Drug treatment divides into four stages2: that of premonitory, early, established, or refractory status epilepticus. Parenteral dosing with diazepam, lorazepam, or midazolam is preferred at the premonitory stage. Lorazepam is often preferred as it has a long duration of anticonvulsive effect and the best parenchymal distribution. Adverse events include a risk of respiratory arrest, hypotension, and impaired consciousness.1
Early management should include a prompt decision to use a long term parenteral anticonvulsant. Most patients in status epilepticus or who require a longer term anticonvulsant after acute presentation are treated with phenytoin. The pharmacology of phenytoin is complex but well understood. Given adequate loading (18 mg/kg intravenously at 50 mg/min) and an adequate continuing dose, seizures are often successfully controlled. Phenytoin is effective when coadministered with diazepam in treating status epilepticus, controlling 60% to 80% of seizures.4 Brain concentrations of phenytoin peak at 10 minutes and are three to four times those in plasma after injection. Phenytoin has a pH of 12, so intramuscular dosage is inappropriate. Local reactions to phenytoin occur often and thrombophlebitis necessitates frequent changes of cannulas and makes central administration the preferred route.
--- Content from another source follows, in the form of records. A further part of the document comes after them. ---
Theorem proposition3 (R : realType) (d : measure_display) (T : measurableType d)
  (P : probability T R) (X : T -> R) (M : R) (Tf : R -> R)
  (Is : R -> R) (pis : R) :
  nonatomic P ->
  measurable_fun setT X ->
  0 < M ->
  (forall w, 0 <= X w <= M) ->
  (forall x y, 0 <= x -> x < y -> y <= M -> distr_fun P X x < distr_fun P X y) ->
  distortion Tf ->
  pareto_optimal P M Tf X Is pis ->
  rhoPol_ctr P Tf X Is pis = rhoPol_ctr P Tf X (fun _ => 0) 0 ->
  exists gs : R -> R,
    stackelberg P M Tf X Is gs /\ choquet P gs (fun w => Is (X w)) = pis.
Proof.
move=> _ mX /ltW M0 XM _ hT [IL_Is undominated] rho_Is.
have rho_null : rhoPol_ctr P Tf X (fun=> 0) 0 = choquet P Tf X.
  by congr choquet; apply/funext => w; rewrite subr0 addr0.
have price_Is : choquet P Tf (fun w => Is (X w)) = pis.
  move: rho_Is; rewrite rho_null /rhoPol_ctr (choquet_retention_addr P mX M0 XM hT) //.
  by rewrite -(choquet_retention_add P mX M0 XM hT IL_Is); lra.
exists Tf; split; last exact: price_Is.
split; first exact: hT.
- split; first exact: IL_Is.
  by move=> I IL_I; rewrite !(rhoPol_mech_own_distortion P mX M0 XM hT).
- move=> I g hg [IL_I best_I]; rewrite leNgt; apply/negP => better.
  apply: undominated; exists I, (choquet P g (fun w => I (X w))); split.
  + exact: IL_I.
  + have := best_I _ (@IL0 _ M M0); rewrite /rhoPol_mech (choquet_cst P 0 hg).
    by rewrite rho_Is; apply.
  + by move: better; rewrite /VIn_mech /VIn_ctr price_Is => /ltW.
  + by right; move: better; rewrite /VIn_mech /VIn_ctr price_Is.
Qed.
Definition to_fsfun (f : V) : fsfun :=
  match excluded_middle_informative (fsupp f) with
  | left H => exist _ f H
  | right _ => exist _ (@pzero K X) (@fsupp_pzero K X)
  end.

Lemma to_fsfunK f : fsupp f -> proj1_sig (to_fsfun f) = f.
Proof. by rewrite /to_fsfun; case: excluded_middle_informative. Qed.

Lemma fsfun_inj (a b : fsfun) : proj1_sig a = proj1_sig b -> a = b.
Proof. case: a b => f hf [g hg] /= e; subst g; congr exist; apply: proof_irrelevance. Qed.

Lemma valK (a : fsfun) : to_fsfun (proj1_sig a) = a.
Proof. by apply: fsfun_inj; rewrite to_fsfunK //; exact: proj2_sig. Qed.

Definition FSops (d : fsfun -> fsfun) : ldalg_ops K :=
  @LDOps K fsfun (to_fsfun (@pzero K X))
    (fun a b => to_fsfun (padd (proj1_sig a) (proj1_sig b)))
    (fun a => to_fsfun (popp (proj1_sig a)))
    (fun k a => to_fsfun (pscale k (proj1_sig a)))
    (fun a b => to_fsfun (pmul (proj1_sig a) (proj1_sig b)))
    d.

Lemma FS_kalgebra d : kalgebra (FSops d).
Proof.
apply: (@kalgebra_transfer K (Vops K X) (FSops d) (@fsupp K X) to_fsfun).
- exact: Vops_kalgebra.
- exact: fsupp_pzero.
- exact: fsupp_padd.
- exact: fsupp_popp.
- exact: fsupp_pscale.
- exact: fsupp_pmul.
- by move=> y; exists (proj1_sig y); split; [exact: proj2_sig | rewrite valK].
- by [].
- by move=> a b ha hb /=; rewrite !to_fsfunK.
- by move=> a ha /=; rewrite !to_fsfunK.
- by move=> k a ha /=; rewrite !to_fsfunK.
- by move=> a b ha hb /=; rewrite !to_fsfunK.
Qed.

Local Notation FS0 := (FSops id).

Definition pw (u : W) : fsfun := to_fsfun (pword K u).

Lemma pw_cat d u v : pw (wcat u v) = ld_mul (pw u : FSops d) (pw v).
Proof. by rewrite /= /pw !to_fsfunK ?pmul_pword //; solve_fsupp. Qed.

Fixpoint Dexp_word (a : letter X) (s : seq (letter X)) : FS0 :=
  let Da : FS0 := pw (LD a [::], [::]) in
  match s with
  | [::] => Da
  | c :: s' => ld_add (ld_add (ld_mul Da (pw (c, s'))) (ld_mul (pw (a, [::]) : FS0) (Dexp_word c s')))
                      (ld_scale lam (ld_mul Da (Dexp_word c s')))
  end.
Definition Dexp (w : W) : FS0 := Dexp_word w.1 w.2.

Lemma Dexp_cat u v : Dexp (wcat u v) =
  ld_add (ld_add (ld_mul (Dexp u) (pw v)) (ld_mul (pw u : FS0) (Dexp v)))
         (ld_scale lam (ld_mul (Dexp u) (Dexp v))).
Proof.
case: u => a s; case: v => c t; rewrite /Dexp /wcat /=.
elim: s a => [|b s IH] a //=.
have e1 : pw (b, s ++ c :: t) = ld_mul (pw (b, s) : FS0) (pw (c, t)) by rewrite -pw_cat.
have e2 : pw (a, b :: s) = ld_mul (pw (a, [::]) : FS0) (pw (b, s)) by rewrite -pw_cat.
by rewrite e1 e2 IH; exact: (leibniz_expansion_assoc (FS_kalgebra id)).
Qed.

Definition Dmodel (a : fsfun) : fsfun := linext (Dexp : W -> FS0) (proj1_sig a).

Local Notation F := (FSops Dmodel).

Lemma Dmodel_add (a b : F) : ld_D (ld_add a b) = ld_add (ld_D a) (ld_D b).
Proof.
rewrite /= /Dmodel to_fsfunK; last by apply: fsupp_padd; exact: proj2_sig.
by rewrite (linext_add (FS_kalgebra id)) //; exact: proj2_sig.
Qed.

Lemma Dmodel_scale k (a : F) : ld_D (ld_scale k a) = ld_scale k (ld_D a).
Proof.
rewrite /= /Dmodel to_fsfunK; last by apply: fsupp_pscale; exact: proj2_sig.
by rewrite (linext_scale (FS_kalgebra id)) //; exact: proj2_sig.
Qed.

Lemma Dmodel_pw u : ld_D (pw u : F) = Dexp u.
Proof. by rewrite /= /Dmodel /pw to_fsfunK ?(linext_pword (FS_kalgebra id)) //; exact: fsupp_pword. Qed.

Lemma lincomb_pw (s : seq W) (c : W -> K) :
  to_fsfun (fsum s (fun u => pscale (c u) (pword K u))) = lincomb (pw : W -> F) [seq (c u, u) | u <- s].
Proof.
elim: s => [|u s IH] /=; first by rewrite fsum_nil.
rewrite fsum_cons -IH /pw !to_fsfunK //; solve_fsupp.
by apply: fsupp_fsum => v; solve_fsupp.
Qed.

Lemma F_span (a : F) : exists l, a = lincomb (pw : W -> F) l.
Proof.
exists [seq (proj1_sig a u, u) | u <- supp (proj1_sig a)].
by rewrite -lincomb_pw -expand ?valK //; exact: proj2_sig.
Qed.

Lemma F_ldalg : is_ldalg lam F.
Proof.
apply: (ldalgI (FS_kalgebra _) Dmodel_add Dmodel_scale).
apply: (leibniz_from_spanning (FS_kalgebra _) Dmodel_add Dmodel_scale (b := pw)).
  exact: F_span.
move=> u v; rewrite /leibniz_at /leibniz_rhs.
have -> : ld_mul (pw u : F) (pw v) = pw (wcat u v) by rewrite (pw_cat Dmodel).
by rewrite !Dmodel_pw Dexp_cat.
Qed.

Lemma val_lincomb (l : seq (K * W)) :
  proj1_sig (lincomb (pw : W -> F) l) = fsum l (fun t => pscale t.1 (pword K t.2)).
Proof.
elim: l => [|t l IH] /=; first by rewrite fsum_nil to_fsfunK //; exact: fsupp_pzero.
rewrite fsum_cons to_fsfunK; last by apply: fsupp_padd; exact: proj2_sig.
rewrite IH to_fsfunK; last by apply: fsupp_pscale; exact: proj2_sig.
by rewrite /pw to_fsfunK //; exact: fsupp_pword.
Qed.

(* A D^omega-letter D^i(x) evaluates to itself, as Dexp of a one-letter word
   is that letter with one more D. *)
Lemma evL_Dletter (a : letter X) : is_Dletter a ->
  evL (fun x => pw (Lx x, [::]) : F) a = pw (a, [::]).
Proof.
elim: a => [x|b IH s] //=; case: s => //= hb.
by rewrite IH //; exact: (Dmodel_pw (b, [::])).
Qed.

Lemma evW_Dword (w : W) : is_Dword w -> evW (fun x => pw (Lx x, [::]) : F) w = pw w.
Proof.
case: w => a s; rewrite /is_Dword /evW /= => /andP[ha hs].
elim: s a ha hs => [|c s IH] a ha hs; first exact: evL_Dletter.
move: hs => /= /andP[hc hs].
rewrite (evL_Dletter ha) IH //; exact: (esym (pw_cat Dmodel (a, [::]) (c, s))).
Qed.
End Model.

Section Basis.
Variables (K : comPzRingType) (lam : K) (X : Type).
Local Notation W := (word X).

Lemma lincomb_coef (l : seq (K * W)) (t0 : K * W) : uniq (map snd l) -> t0 \in l ->
  \sum_(t <- l) t.1 * pword K t.2 t0.2 = t0.1.
Proof.
elim: l => // t l IH /= /andP[hn hu]; rewrite in_cons big_cons pwordE => /orP[/eqP ->|ht0].
  rewrite eqxx mulr1 big1_seq ?addr0 // => t' /andP[_ ht']; rewrite pwordE.
  case: eqP => [e|]; rewrite ?mulr0 //.
  by move: hn; rewrite e (map_f snd ht').
have hne : t0.2 != t.2 by apply: contraNneq hn => <-; apply: map_f.
by rewrite (negbTE hne) mulr0 add0r IH.
Qed.

Lemma lincomb_eq_in (A : ldalg_ops K) (b1 b2 : W -> A) (l : seq (K * W)) :
  (forall t, List.In t l -> b1 t.2 = b2 t.2) -> lincomb b1 l = lincomb b2 l.
Proof.
elim: l => [|t l IH] //= h; rewrite h; last by left.
by rewrite IH // => t' ht'; apply: h; right.
Qed.

(* Spanning by D-words, and independence through the universal map to the model. *)
Lemma Q_basis : @is_basis K (Qops X lam) W (@is_Dword X) (qword lam).
Proof.
split.
  move=> a; have [l ->] := Q_span a.
  by have [l' [h e]] := in_Dspan_lincomb (Q_ldalg lam X) (@qword_cat K lam X)
    (@qword_D K lam X) l; exists l'.
move=> l hP hnd hz t ht.
pose F := FSops (Dmodel lam (X := X)).
have HF : kalgebra F := FS_kalgebra _.
have [h [[hh hx] _]] := Q_free (F_ldalg lam X) (fun x => pw K (Lx x, [::]) : F).
have := congr1 h hz.
rewrite (ldhom_lincomb _ _ (Q_kalgebra lam X) HF hh) (ldhom_zero (Q_kalgebra lam X) HF hh).
rewrite (@lincomb_eq_in _ _ (@pw K X : W -> F)) => [e|t' ht']; last first.
  by rewrite (ldhom_qword hh hx); apply: evW_Dword; apply: hP.
have := congr1 (fun a => proj1_sig a t.2) e.
rewrite val_lincomb /= to_fsfunK; last exact: fsupp_pzero.
rewrite /fsum /pscale /pzero lincomb_coef //; first exact: NoDup_uniq.
by apply/mem_In.
Qed.
End Basis.

Theorem theorem5p5 (K : comPzRingType) (lam : K) (X : Type) :
  @is_ldalg K lam (@Qops K X lam) /\
  @is_free_ldalg K lam X (@Qops K X lam) (@iotaQ K X lam) /\
  @is_basis K (@Qops K X lam) (word X) (@is_Dword X) (@qword K X lam).
Proof.
split; first exact: Q_ldalg.
split; first exact: Q_free.
exact: Q_basis.
Qed.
Fosphenytoin has been used for some years in the United States and can be administered intravenously or intramuscularly. Studies have found it to be as effective as phenytoin in treating status epilepticus, with several advantages over its parent drug. In one series of 81 patients with generalised convulsive status epilepticus treated with fosphenytoin 76 became seizure free.5 Another showed that 37 of 40 patients treated with fosphenytoin were seizure free within 30 minutes.6 Intravenous fosphenytoin is tolerated at infusion rates up to three times faster than those for phenytoin, and therapeutic concentrations are established within 10 minutes.7–10
Intramuscular administration of fosphenytoin has benefits: rapid and complete absorption, no requirement for cardiac monitoring, and a low incidence of side effects.11,12 Patients with neurological or neurosurgical disorders which affect conscious levels, or patients for which the gastrointestinal route is not available, would be well suited to the use of intramuscular fosphenytoin. Side effects are similar to those of parenteral phenytoin: nystagmus, dizziness, pruritus, paraesthesias, headache, somnolence, and ataxia.12
Refractory status is characterised by seizure activity for about an hour in which the patient has not responded to therapy. General anaesthesia is recommended to abolish electroencephalographic and seizure activity and prevent further cerebral damage. Agents of choice for refractory status epilepticus are the newer agent propofol and older thiopentone, whose disadvantages include a tendency to accumulate in fatty tissues, an active metabolite, haemodynamic instability, long recovery time after infusion, and the need for blood concentration monitoring.
Continued seizure activity in status epilepticus is associated with neuronal damage. The aim should be to halt this activity urgently. The ideal drug should be 100% effective, administered quickly without compromising conscious level or producing cardiovascular or airway reflex effects, and have no harmful effects. For status epilepticus fosphenytoin is safe and effective in the emergency initiation and maintenance of anticonvulsant treatment and may usefully complement current practices for early control of seizures.
Acknowledgments
MTEH has received a fee for speaking on status epilepticus and fosphenytoin at a study day organised by Parke Davis.